= EXERCISE OBJECTIVE =
As the answer, set down the lines below from the one containing "nonpos_part y1 ^+" through the one containing "have := nonpos_part_mul_ge", exactly and inclusively, and no others.
***** DATA RECORDS *****
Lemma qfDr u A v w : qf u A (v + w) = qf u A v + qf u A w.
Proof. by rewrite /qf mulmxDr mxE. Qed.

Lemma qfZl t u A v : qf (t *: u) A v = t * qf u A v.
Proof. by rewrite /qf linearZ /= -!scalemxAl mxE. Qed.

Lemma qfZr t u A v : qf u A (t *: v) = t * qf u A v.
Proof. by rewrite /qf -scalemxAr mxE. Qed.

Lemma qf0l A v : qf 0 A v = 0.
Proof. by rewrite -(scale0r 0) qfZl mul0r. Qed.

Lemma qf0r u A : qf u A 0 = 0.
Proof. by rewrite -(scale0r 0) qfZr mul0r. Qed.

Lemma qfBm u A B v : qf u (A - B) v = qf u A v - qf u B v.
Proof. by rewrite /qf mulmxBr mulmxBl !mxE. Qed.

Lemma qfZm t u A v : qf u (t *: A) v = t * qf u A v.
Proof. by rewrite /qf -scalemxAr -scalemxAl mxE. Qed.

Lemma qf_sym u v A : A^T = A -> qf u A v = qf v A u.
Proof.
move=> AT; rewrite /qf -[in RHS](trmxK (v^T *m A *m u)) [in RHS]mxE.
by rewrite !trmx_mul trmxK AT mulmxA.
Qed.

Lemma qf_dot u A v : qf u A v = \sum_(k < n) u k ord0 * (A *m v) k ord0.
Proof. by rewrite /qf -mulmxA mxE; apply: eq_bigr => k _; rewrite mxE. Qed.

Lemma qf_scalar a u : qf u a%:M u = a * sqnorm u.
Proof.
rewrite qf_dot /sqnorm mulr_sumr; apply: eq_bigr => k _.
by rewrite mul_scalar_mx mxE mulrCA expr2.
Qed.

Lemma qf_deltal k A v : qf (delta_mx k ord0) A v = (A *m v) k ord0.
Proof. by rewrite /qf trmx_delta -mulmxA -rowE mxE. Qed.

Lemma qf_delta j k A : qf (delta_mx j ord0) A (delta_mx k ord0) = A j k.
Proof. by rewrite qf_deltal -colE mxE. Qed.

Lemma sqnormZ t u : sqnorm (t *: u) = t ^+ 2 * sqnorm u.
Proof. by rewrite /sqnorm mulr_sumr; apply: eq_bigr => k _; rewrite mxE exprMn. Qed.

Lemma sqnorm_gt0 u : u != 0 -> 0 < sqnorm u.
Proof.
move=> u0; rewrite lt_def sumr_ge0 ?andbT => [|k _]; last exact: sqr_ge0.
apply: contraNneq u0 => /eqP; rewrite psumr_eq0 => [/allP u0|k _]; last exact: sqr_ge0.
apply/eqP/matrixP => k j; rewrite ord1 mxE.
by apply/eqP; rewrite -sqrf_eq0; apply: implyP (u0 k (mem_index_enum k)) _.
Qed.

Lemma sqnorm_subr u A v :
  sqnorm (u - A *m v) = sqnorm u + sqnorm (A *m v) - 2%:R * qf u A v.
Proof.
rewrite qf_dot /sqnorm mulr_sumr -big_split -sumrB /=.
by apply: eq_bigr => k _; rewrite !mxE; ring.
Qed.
*****
***** DATA RECORDS *****
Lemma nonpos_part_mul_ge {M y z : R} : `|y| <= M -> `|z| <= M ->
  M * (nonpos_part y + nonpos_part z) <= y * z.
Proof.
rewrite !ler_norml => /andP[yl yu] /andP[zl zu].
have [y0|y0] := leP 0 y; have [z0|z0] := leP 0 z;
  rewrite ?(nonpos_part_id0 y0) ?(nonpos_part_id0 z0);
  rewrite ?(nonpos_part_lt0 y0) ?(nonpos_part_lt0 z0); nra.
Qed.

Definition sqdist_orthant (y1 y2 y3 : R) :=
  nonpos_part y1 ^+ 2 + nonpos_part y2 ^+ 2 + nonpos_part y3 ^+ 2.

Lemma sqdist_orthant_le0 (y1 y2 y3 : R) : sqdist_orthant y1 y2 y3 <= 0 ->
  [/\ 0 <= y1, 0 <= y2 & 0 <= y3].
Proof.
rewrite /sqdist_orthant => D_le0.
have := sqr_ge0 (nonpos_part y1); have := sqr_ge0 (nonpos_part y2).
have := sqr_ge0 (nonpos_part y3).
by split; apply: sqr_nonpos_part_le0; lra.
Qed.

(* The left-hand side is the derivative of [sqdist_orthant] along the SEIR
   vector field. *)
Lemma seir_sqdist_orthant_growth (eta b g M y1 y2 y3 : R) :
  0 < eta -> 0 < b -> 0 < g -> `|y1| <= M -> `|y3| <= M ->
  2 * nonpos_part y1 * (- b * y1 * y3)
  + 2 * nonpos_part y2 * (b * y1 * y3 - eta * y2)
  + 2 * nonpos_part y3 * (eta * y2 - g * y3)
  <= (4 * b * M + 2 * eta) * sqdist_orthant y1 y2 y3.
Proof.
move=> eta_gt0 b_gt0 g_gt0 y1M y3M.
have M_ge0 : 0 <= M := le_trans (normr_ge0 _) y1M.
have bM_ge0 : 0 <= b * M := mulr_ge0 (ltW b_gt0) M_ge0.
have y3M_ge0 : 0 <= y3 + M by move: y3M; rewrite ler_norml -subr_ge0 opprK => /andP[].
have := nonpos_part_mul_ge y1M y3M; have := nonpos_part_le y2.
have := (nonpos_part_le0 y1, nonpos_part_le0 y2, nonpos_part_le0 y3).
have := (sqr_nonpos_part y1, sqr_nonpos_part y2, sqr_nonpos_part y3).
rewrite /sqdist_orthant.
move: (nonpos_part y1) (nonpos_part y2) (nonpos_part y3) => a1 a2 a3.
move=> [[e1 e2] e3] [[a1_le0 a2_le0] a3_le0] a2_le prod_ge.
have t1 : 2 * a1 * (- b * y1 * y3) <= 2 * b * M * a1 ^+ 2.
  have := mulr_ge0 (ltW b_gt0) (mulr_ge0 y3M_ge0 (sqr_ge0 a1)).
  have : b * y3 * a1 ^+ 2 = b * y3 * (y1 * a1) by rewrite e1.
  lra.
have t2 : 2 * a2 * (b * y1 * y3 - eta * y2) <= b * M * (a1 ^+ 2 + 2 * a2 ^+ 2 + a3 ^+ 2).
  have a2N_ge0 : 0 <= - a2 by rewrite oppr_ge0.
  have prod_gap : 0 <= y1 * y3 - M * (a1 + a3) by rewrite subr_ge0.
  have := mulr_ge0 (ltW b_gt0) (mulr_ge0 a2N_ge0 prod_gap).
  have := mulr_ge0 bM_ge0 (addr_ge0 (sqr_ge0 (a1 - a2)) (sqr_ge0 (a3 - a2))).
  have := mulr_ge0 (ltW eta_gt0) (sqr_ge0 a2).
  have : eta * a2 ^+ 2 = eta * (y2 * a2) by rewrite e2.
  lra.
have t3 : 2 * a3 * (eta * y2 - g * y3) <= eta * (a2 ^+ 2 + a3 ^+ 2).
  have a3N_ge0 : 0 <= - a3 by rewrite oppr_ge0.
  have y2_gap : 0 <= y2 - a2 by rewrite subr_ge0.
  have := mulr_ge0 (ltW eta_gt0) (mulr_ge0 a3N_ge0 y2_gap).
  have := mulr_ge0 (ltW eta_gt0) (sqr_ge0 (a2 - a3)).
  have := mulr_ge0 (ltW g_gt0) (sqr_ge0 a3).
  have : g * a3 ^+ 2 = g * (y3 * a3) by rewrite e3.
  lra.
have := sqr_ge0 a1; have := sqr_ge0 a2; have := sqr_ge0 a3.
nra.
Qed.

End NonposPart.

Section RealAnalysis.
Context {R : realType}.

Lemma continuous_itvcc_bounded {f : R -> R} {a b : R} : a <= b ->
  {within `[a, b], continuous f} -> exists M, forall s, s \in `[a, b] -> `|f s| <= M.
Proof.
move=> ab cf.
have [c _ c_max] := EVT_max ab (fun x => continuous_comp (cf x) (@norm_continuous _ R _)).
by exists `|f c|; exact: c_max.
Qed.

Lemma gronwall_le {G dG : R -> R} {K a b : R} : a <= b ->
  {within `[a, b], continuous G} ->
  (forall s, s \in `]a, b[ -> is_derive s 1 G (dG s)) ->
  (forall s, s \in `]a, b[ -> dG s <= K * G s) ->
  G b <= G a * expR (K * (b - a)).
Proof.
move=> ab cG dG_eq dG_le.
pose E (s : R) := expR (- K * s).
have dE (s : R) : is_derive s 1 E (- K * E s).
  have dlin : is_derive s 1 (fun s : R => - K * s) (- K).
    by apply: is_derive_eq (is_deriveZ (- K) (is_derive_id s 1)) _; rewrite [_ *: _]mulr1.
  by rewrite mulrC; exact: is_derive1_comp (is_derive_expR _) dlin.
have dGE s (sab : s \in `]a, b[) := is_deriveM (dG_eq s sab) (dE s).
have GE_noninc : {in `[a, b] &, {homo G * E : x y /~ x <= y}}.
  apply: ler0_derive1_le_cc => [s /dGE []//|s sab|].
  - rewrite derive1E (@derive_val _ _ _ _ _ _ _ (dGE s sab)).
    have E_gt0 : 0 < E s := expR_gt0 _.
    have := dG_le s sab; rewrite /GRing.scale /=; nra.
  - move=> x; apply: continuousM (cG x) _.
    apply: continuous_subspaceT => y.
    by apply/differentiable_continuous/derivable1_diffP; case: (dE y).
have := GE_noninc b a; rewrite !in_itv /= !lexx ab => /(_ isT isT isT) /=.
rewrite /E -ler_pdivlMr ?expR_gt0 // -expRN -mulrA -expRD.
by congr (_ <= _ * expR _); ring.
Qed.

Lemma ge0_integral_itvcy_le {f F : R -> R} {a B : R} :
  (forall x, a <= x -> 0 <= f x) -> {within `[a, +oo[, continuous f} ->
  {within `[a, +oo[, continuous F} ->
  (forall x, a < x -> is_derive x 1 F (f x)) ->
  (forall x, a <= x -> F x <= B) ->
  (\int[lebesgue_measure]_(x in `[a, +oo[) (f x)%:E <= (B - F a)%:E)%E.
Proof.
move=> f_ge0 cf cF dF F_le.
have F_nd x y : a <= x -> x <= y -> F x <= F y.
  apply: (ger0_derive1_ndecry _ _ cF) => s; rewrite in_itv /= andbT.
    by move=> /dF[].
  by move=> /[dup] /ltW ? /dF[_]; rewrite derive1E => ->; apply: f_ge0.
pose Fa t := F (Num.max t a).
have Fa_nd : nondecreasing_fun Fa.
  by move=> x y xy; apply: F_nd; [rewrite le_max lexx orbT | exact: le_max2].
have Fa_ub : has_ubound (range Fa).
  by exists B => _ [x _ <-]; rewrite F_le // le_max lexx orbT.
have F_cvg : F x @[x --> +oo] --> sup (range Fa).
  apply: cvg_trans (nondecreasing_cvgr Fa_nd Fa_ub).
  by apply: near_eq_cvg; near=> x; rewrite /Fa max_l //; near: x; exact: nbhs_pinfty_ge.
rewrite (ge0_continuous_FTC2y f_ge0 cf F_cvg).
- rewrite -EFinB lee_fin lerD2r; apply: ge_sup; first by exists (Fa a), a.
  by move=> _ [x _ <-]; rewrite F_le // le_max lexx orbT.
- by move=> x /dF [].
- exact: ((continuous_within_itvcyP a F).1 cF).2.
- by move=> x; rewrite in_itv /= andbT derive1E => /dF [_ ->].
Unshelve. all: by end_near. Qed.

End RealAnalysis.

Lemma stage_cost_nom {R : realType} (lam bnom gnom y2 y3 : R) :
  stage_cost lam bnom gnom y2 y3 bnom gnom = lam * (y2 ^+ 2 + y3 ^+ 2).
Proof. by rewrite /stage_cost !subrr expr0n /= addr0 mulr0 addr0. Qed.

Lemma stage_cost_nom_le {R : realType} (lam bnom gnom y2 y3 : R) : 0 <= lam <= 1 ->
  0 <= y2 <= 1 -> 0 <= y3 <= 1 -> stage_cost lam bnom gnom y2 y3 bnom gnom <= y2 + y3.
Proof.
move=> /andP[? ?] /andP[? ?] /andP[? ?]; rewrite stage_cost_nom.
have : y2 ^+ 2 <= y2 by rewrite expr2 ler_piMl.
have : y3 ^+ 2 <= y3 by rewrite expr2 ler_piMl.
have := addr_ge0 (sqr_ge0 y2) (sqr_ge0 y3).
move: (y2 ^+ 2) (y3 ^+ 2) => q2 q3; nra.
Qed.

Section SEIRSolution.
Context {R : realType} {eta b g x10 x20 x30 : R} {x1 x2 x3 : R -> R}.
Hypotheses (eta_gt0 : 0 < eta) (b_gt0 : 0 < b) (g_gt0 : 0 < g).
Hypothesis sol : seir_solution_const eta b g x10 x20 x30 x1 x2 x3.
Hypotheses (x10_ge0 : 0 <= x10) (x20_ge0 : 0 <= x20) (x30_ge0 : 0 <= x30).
*****
= RESPONSE TO THE EXERCISE =
  nonpos_part y1 ^+ 2 + nonpos_part y2 ^+ 2 + nonpos_part y3 ^+ 2.

Lemma sqdist_orthant_le0 (y1 y2 y3 : R) : sqdist_orthant y1 y2 y3 <= 0 ->
  [/\ 0 <= y1, 0 <= y2 & 0 <= y3].
Proof.
rewrite /sqdist_orthant => D_le0.
have := sqr_ge0 (nonpos_part y1); have := sqr_ge0 (nonpos_part y2).
have := sqr_ge0 (nonpos_part y3).
by split; apply: sqr_nonpos_part_le0; lra.
Qed.

(* The left-hand side is the derivative of [sqdist_orthant] along the SEIR
   vector field. *)
Lemma seir_sqdist_orthant_growth (eta b g M y1 y2 y3 : R) :
  0 < eta -> 0 < b -> 0 < g -> `|y1| <= M -> `|y3| <= M ->
  2 * nonpos_part y1 * (- b * y1 * y3)
  + 2 * nonpos_part y2 * (b * y1 * y3 - eta * y2)
  + 2 * nonpos_part y3 * (eta * y2 - g * y3)
  <= (4 * b * M + 2 * eta) * sqdist_orthant y1 y2 y3.
Proof.
move=> eta_gt0 b_gt0 g_gt0 y1M y3M.
have M_ge0 : 0 <= M := le_trans (normr_ge0 _) y1M.
have bM_ge0 : 0 <= b * M := mulr_ge0 (ltW b_gt0) M_ge0.
have y3M_ge0 : 0 <= y3 + M by move: y3M; rewrite ler_norml -subr_ge0 opprK => /andP[].
have := nonpos_part_mul_ge y1M y3M; have := nonpos_part_le y2.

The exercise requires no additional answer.